Among other interesting versions are several that are less readily available now, but also richly rewarding: the New Vlach Quartet on Avenira 0172-2; the London-based Rasoumovsky Quartet ("period instrument" specialists, led by Simon Standage), on Ensayo ENY-CD-3424; the Cuarteto Casals on Harmonia Mundi Musique d’abord HMA 1957038; and the especially appealing Quartet Sine Nomine on Claves 509501. There is even a recording by a young Belgian foursome called the Arriaga Quartet, but it does not quite hold its own among these other performances.

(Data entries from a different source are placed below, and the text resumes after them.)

Lemma DpolyM (p q : MP) : D (p * q) = D p * q + p * D q.
Proof. by rewrite /Dpoly mderivM. Qed.

Lemma DpolyC (c : k) : D c%:MP = 0.
Proof. by rewrite /Dpoly mderivC. Qed.

Lemma DpolyX (i : 'I_n.+1) : D 'X_i = (i == tvar n)%:R.
Proof.
rewrite /Dpoly mderivX mnm1E; case: eqP => [->|_]; last by rewrite scale0r.
have -> : (U_(tvar n) - U_(tvar n))%MM = 0%MM.
  by apply/mnmP => j; rewrite mnmBE subnn mnmE.
by rewrite mpolyX0 scale1r.
Qed.

Lemma Dpoly_tpoly (p : {poly k}) : D (tpoly n p) = tpoly n p^`().
Proof.
elim/poly_ind: p => [|p c IHp]; first by rewrite deriv0 rmorph0 /Dpoly mderiv0.
rewrite derivMXaddC !rmorphD !rmorphM /= tpolyC tpolyX DpolyD DpolyM DpolyC IHp.
by rewrite DpolyX eqxx addr0 mulr1 addrC.
Qed.

Lemma Dt_frac (a b : MP) : b != 0 ->
  Dt (a%:F / b%:F) = ((D a * b - a * D b)%:F) / ((b ^+ 2)%:F).
Proof.
move=> nz_b; rewrite /Dt; set x := (a%:F / b%:F : Kfield k n).
have nz_b' := denom_ratioP (repr x); have ex := frac_repr x.
move: (\n_(repr x)) (\d_(repr x)) nz_b' ex => a' b' nz_b' ex.
have /eqP eq_ab : a * b' == a' * b by rewrite -frac_eq // -ex.
have eqD_ab : D a * b' + a * D b' = D a' * b + a' * D b by rewrite -!DpolyM eq_ab.
apply/eqP; rewrite frac_eq ?expf_neq0 // -subr_eq0; apply/eqP.
transitivity (- (b * b' * ((D a * b' + a * D b') - (D a' * b + a' * D b)) +
                 (a' * b - a * b') * (b' * D b + b * D b'))); first by ring.
by rewrite eqD_ab eq_ab !subrr mulr0 mul0r addr0 oppr0.
Qed.

Lemma Dt0 : Dt (0 : Kfield k n) = 0.
Proof.
rewrite -[0 : Kfield k n](mul0r (1%:F)^-1) -tofrac0 Dt_frac ?oner_eq0 //.
by rewrite /Dpoly mderiv0 !mul0r subrr tofrac0 mul0r.
Qed.

End DerivationOnK.

(* Specialization at a point c : 'I_n.+1 -> k: each variable x_i (i other
   than tvar n) is replaced by the constant c i, while t stays a variable;
   the coordinate c (tvar n) is only used in xsubst_meval. *)
Section Specialization.
Variables (k : closedFieldType) (n : nat) (c : 'I_n.+1 -> k).
Local Notation MP := {mpoly k[n.+1]}.
Local Notation K := (Kfield k n).
Local Notation D := (@Dpoly k n).

Definition subst_var (i : 'I_n.+1) : {poly k} :=
  if i == tvar n then 'X else (c i)%:P.

Definition xsubst (p : MP) : {poly k} := mmap (@polyC k) subst_var p.

HB.instance Definition _ := GRing.RMorphism.copy xsubst (mmap (@polyC k) subst_var).

Definition spec (p : MP) : MP := tpoly n (xsubst p).

HB.instance Definition _ := GRing.RMorphism.copy spec (@tpoly k n \o xsubst).

Lemma xsubstC (a : k) : xsubst a%:MP = a%:P.
Proof. exact: mmapC. Qed.

Lemma xsubstX (i : 'I_n.+1) : xsubst 'X_i = subst_var i.
Proof. by rewrite /xsubst mmapX mmap1U. Qed.

Lemma xsubst_tpoly (p : {poly k}) : xsubst (tpoly n p) = p.
Proof.
elim/poly_ind: p => [|p a IHp]; first by rewrite !rmorph0.
rewrite rmorphD rmorphM /= tpolyC tpolyX rmorphD rmorphM /= xsubstC xsubstX IHp.
by rewrite /subst_var eqxx.
Qed.

Lemma xsubst_meval (p : MP) : (xsubst p).[c (tvar n)] = p.@[c].
Proof.
apply: (@mpoly_morph_eq _ _ _ (fun p => (xsubst p).[_]) (meval c))
  => [x y|x y|x y|x y|a|i].
- by rewrite rmorphD hornerD.
- by rewrite rmorphM hornerM.
- exact: mevalD.
- exact: mevalM.
- by rewrite xsubstC hornerC mevalC.
by rewrite xsubstX mevalXU /subst_var; case: eqP => [->|_]; rewrite ?hornerX ?hornerC.
Qed.

Lemma xsubst_Dpoly (p : MP) : xsubst (D p) = (xsubst p)^`().
Proof.
elim/mpoly_subring_ind: p => [a|i|p q IHp IHq|p q IHp IHq].
- by rewrite DpolyC xsubstC derivC rmorph0.
- rewrite DpolyX xsubstX /subst_var rmorph_nat.
  by case: eqP => _; rewrite ?derivX ?derivC.
- by rewrite DpolyD !rmorphD /= IHp IHq derivD.
- by rewrite DpolyM rmorphD !rmorphM /= IHp IHq derivM.
Qed.

Lemma spec_Dpoly (p : MP) : spec (D p) = D (spec p).
Proof. by rewrite /spec xsubst_Dpoly Dpoly_tpoly. Qed.

Lemma spec_tpoly (p : {poly k}) : spec (tpoly n p) = tpoly n p.
Proof. by rewrite /spec xsubst_tpoly. Qed.

Lemma spec_neq0 (p : MP) : spec p != 0 -> p != 0.
Proof. by apply: contraNneq => ->; rewrite rmorph0. Qed.

Definition defined_at (y : K) : Prop :=
  exists ab : MP * MP, spec ab.2 != 0 /\ y = ab.1%:F / ab.2%:F.

(* its boolean reflection, needed to form the subring *)
Definition definedb (y : K) : bool :=
  if excluded_middle_informative (defined_at y) then true else false.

The Naxos disc obviously has so much going for it -- it is the easiest to find, the least expensive, and musically utterly persuasive -- that it is a very reasonable first-choice, but none of these is less than fully satisfying. Any or all of them, in fact, may bring to mind the remark Artur Schnabel made about the Schubert piano sonatas, and which is hard to avoid quoting in such a situation: Schnabel described those sonatas, also composed by a phenomenal creative genius whose life was even shorter than Mozart’s, as "a safe supply of happiness."